The EnsembleVoteClassifier is a meta-classifier for combining similar or conceptually different machine learning classifiers for classification via majority or plurality voting.In hard voting, we predict the final class label as the class label that has been predicted most frequently by the classification models

Question:  

- Use VotingClassifier () ensemble method with DTC, KNN, LR set voting to hard, then fit your training data. (hint : consider using the  `estimator` parameter )

- Use VotingClassifier () ensemble method with DTC, KNN, LR set voting to soft, then fit your training data. 

-Compare the two results.


https://www.geeksforgeeks.org/ml-voting-classifier-using-sklearn/

In [44]:
#Hard voting
VC = VotingClassifier(estimators=[('knn',knn),('lg',lg),('tree',tree)], voting='hard')

#Train part
model4=VC.fit(X_train,Y_train)
#Prediction
Y_pred = VC.predict(X_test)

#Accuracy
print( f"Voting Classifier Accuracy  using hard strategy : {metrics.accuracy_score(Y_test,Y_pred)}" )

Voting Classifier Accuracy  using hard strategy : 0.9532163742690059


In [47]:
#Soft voting
VC =VotingClassifier(estimators=[('knn',knn),('lg',lg),('tree',tree)], voting='soft')

#Train part
model4=VC.fit(X_train,Y_train)

#Prediction
Y_pred = VC.predict(X_test)
#Accuracy
print( f"Voting Classifier Accuracy using soft strategy :{metrics.accuracy_score(Y_test,Y_pred)} " )

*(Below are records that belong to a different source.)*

Lemma vnorm2Z c x : vnorm2 (c *: x) = `|c| * vnorm2 x.
Proof.
rewrite /vnorm2 -sqrtr_sqr -sqrtrM ?sqr_ge0 // mulr_sumr.
by congr Num.sqrt; apply: eq_bigr => i _; rewrite mxE exprMn.
Qed.

Lemma norm_entry_le_vnorm2 x i : `|x i 0| <= vnorm2 x.
Proof.
rewrite -sqrtr_sqr; apply: ler_wsqrtr.
by rewrite (ler_term_sumr (F := fun j => x j 0 ^+ 2)) // => j; exact: sqr_ge0.
Qed.

Lemma vnorm2_le_sum_norm x : vnorm2 x <= \sum_i `|x i 0|.
Proof.
rewrite -[X in _ <= X]ger0_norm ?sumr_ge0 // -sqrtr_sqr; apply: ler_wsqrtr.
rewrite expr2 mulr_suml; apply: ler_sum => i _.
by rewrite -real_normK ?num_real // expr2 ler_wpM2l //
  (ler_term_sumr (F := fun j => `|x j 0|)).
Qed.

End Vectors.

Section Operators.
Variables p q : nat.
Implicit Types (M : 'M[R]_(p, q)) (x : 'cV[R]_q).

Lemma vnorm2_mulmx_le M x : vnorm2 (M *m x) <= (\sum_i \sum_j `|M i j|) * vnorm2 x.
Proof.
apply: le_trans (vnorm2_le_sum_norm _) _.
rewrite mulr_suml; apply: ler_sum => i _; rewrite mxE mulr_suml.
apply: le_trans (ler_norm_sum _ _ _) _; apply: ler_sum => j _.
by rewrite normrM ler_wpM2l // norm_entry_le_vnorm2.
Qed.

Lemma opnorm2_has_ub M :
  has_ubound [set vnorm2 (M *m x) | x in [set x | vnorm2 x = 1]].
Proof.
exists (\sum_i \sum_j `|M i j|) => _ [x /= x1 <-].
by have := vnorm2_mulmx_le M x; rewrite x1 mulr1.
Qed.

Lemma opnorm2_ge0 M : 0 <= opnorm2 M.
Proof.
rewrite /opnorm2; set E := [set _ | _ in _].
have [E0|/set0P [e Ee]] := eqVneq E set0; first by rewrite E0 sup0.
apply: le_trans (ub_le_sup (opnorm2_has_ub M) Ee).
by case: Ee => x _ <-; exact: vnorm2_ge0.
Qed.

Lemma opnorm2_le M B : 0 <= B ->
  (forall x, vnorm2 x = 1 -> vnorm2 (M *m x) <= B) -> opnorm2 M <= B.
Proof.
move=> B_ge0 MB; rewrite /opnorm2; set E := [set _ | _ in _].
have [E0|E_neq0] := eqVneq E set0; first by rewrite E0 sup0.
by apply: ge_sup; [exact/set0P | move=> _ [x /= x1 <-]; exact: MB].
Qed.
Lemma deuc_le_dist1D2 p q : deuc p q <= `|p.1 - q.1| + `|p.2 - q.2|.
Proof.
rewrite /deuc -[X in _ <= X]ger0_norm ?addr_ge0 // -sqrtr_sqr ler_sqrt ?sqr_ge0 //.
rewrite [X in _ <= X]sqrrD !real_normK ?num_real // lerD2r lerDl.
by rewrite mulrn_wge0 // mulr_ge0.
Qed.

Lemma deucC p q : deuc p q = deuc q p.
Proof. by rewrite /deuc -sqrrN opprB -[(p.2 - q.2) ^+ 2]sqrrN opprB. Qed.

Definition xflip p : R * R := (- p.1, p.2).

Lemma deuc_xflip p q : deuc (xflip p) (xflip q) = deuc p q.
Proof. by rewrite /deuc /= -opprD sqrrN. Qed.

End euclid.

Section tram.
Variables (R : realType) (a : R).
Implicit Types (p q : R * R) (d : R).

Lemma proj_tram_right p : 0 <= a -> a <= p.1 -> proj_tram a p = (a, 0).
Proof.
move=> a_ge0 ap; rewrite /proj_tram (elimT min_idPr ap).
by rewrite (elimT max_idPr _) //; lra.
Qed.

Lemma proj_tram_left p : 0 <= a -> p.1 <= - a -> proj_tram a p = (- a, 0).
Proof.
move=> a_ge0 pa; rewrite /proj_tram (elimT min_idPl _); last by lra.
by rewrite (elimT max_idPl pa).
Qed.

Lemma proj_tram_xflip p : 0 <= a -> proj_tram a (xflip p) = xflip (proj_tram a p).
Proof.
move=> a_ge0; have Na_le_a : - a <= a by lra.
rewrite /proj_tram /xflip /=; congr pair.
by rewrite oppr_max oppr_min opprK max_minr (elimT max_idPr Na_le_a) minC maxC.
Qed.

Lemma Infeas_xflip p q : 0 <= a -> Infeas a (xflip p) (xflip q) = Infeas a p q.
Proof. by move=> a_ge0; rewrite /Infeas /= /dtr !proj_tram_xflip // !deuc_xflip. Qed.

Lemma Infeas_sym p q : Infeas a p q = Infeas a q p.
Proof.
by rewrite /Infeas /= /dtr deucC addrC [deuc p _]deucC [deuc _ q]deucC.
Qed.

Lemma Infeas_right d p q : 0 <= a -> a + d <= p.1 -> a + d <= q.1 ->
  `|p.2 - q.2| < 2 * d -> Infeas a p q.
Proof.
move=> a_ge0 dp dq pq2; have d_gt0 : 0 < d by have := normr_ge0 (p.2 - q.2); lra.
rewrite /Infeas /= /dtr !proj_tram_right //; [|lra|lra].
have := deuc_le_dist1D2 p q; have := deuc_ge_dist1 p (a, 0).
have := deuc_ge_dist1 (a, 0) q; rewrite /= distrC.
have : `|p.1 - q.1| <= p.1 + q.1 - 2 * (a + d) by rewrite ler_norml; lra.
have := ler_norm (p.1 - a); have := ler_norm (q.1 - a); lra.
Qed.

Lemma Infeas_left d p q : 0 <= a -> p.1 <= - (a + d) -> q.1 <= - (a + d) ->
  `|p.2 - q.2| < 2 * d -> Infeas a p q.
Proof.
move=> a_ge0 dp dq pq2; rewrite -Infeas_xflip //.
by apply: (Infeas_right (d := d)) => /=; lra.
Qed.

Lemma feasible_across p q : 0 <= a -> a <= p.1 -> q.1 <= - a ->
  `|p.2| + `|q.2| <= 2 * a -> ~ Infeas a p q.
Proof.
move=> a_ge0 ap qa pq2; rewrite /Infeas /= /dtr proj_tram_right // proj_tram_left //.
have := deuc_ge_dist1 p q; have := deuc_le_dist1D2 p (a, 0).
have := deuc_le_dist1D2 (- a, 0) q; rewrite /= subr0 sub0r normrN.
by rewrite [`|p.1 - a|]ger0_norm ?[`|- a - q.1|]ger0_norm ?[`|p.1 - q.1|]ger0_norm;
  lra.
Qed.

Lemma measurable_deuc (f g : R * R -> R * R) :
  measurable_fun setT f -> measurable_fun setT g ->
  measurable_fun setT (fun q => deuc (f q) (g q)).
Proof.
move=> /measurable_fun_pairP[f1 f2] /measurable_fun_pairP[g1 g2].
apply: measurableT_comp (continuous_measurable_fun (@sqrt_continuous R)) _.
by apply: measurable_funD; apply: measurable_funX; apply: measurable_funB.
Qed.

Voting Classifier Accuracy using soft strategy :0.9473684210526315 


Draw a conclusion !

Ensemble methods bring together the results of two or more separate machine learning algorithm in an attempt to produce a collective result that is more accurate than any of the individual algorithms.
In soft voting the probabilities of each of the classes are averaged to produce a result. 
In hard voting the predictions of each algorithm are considered with the ensemble selecting the class with the highest number of votes.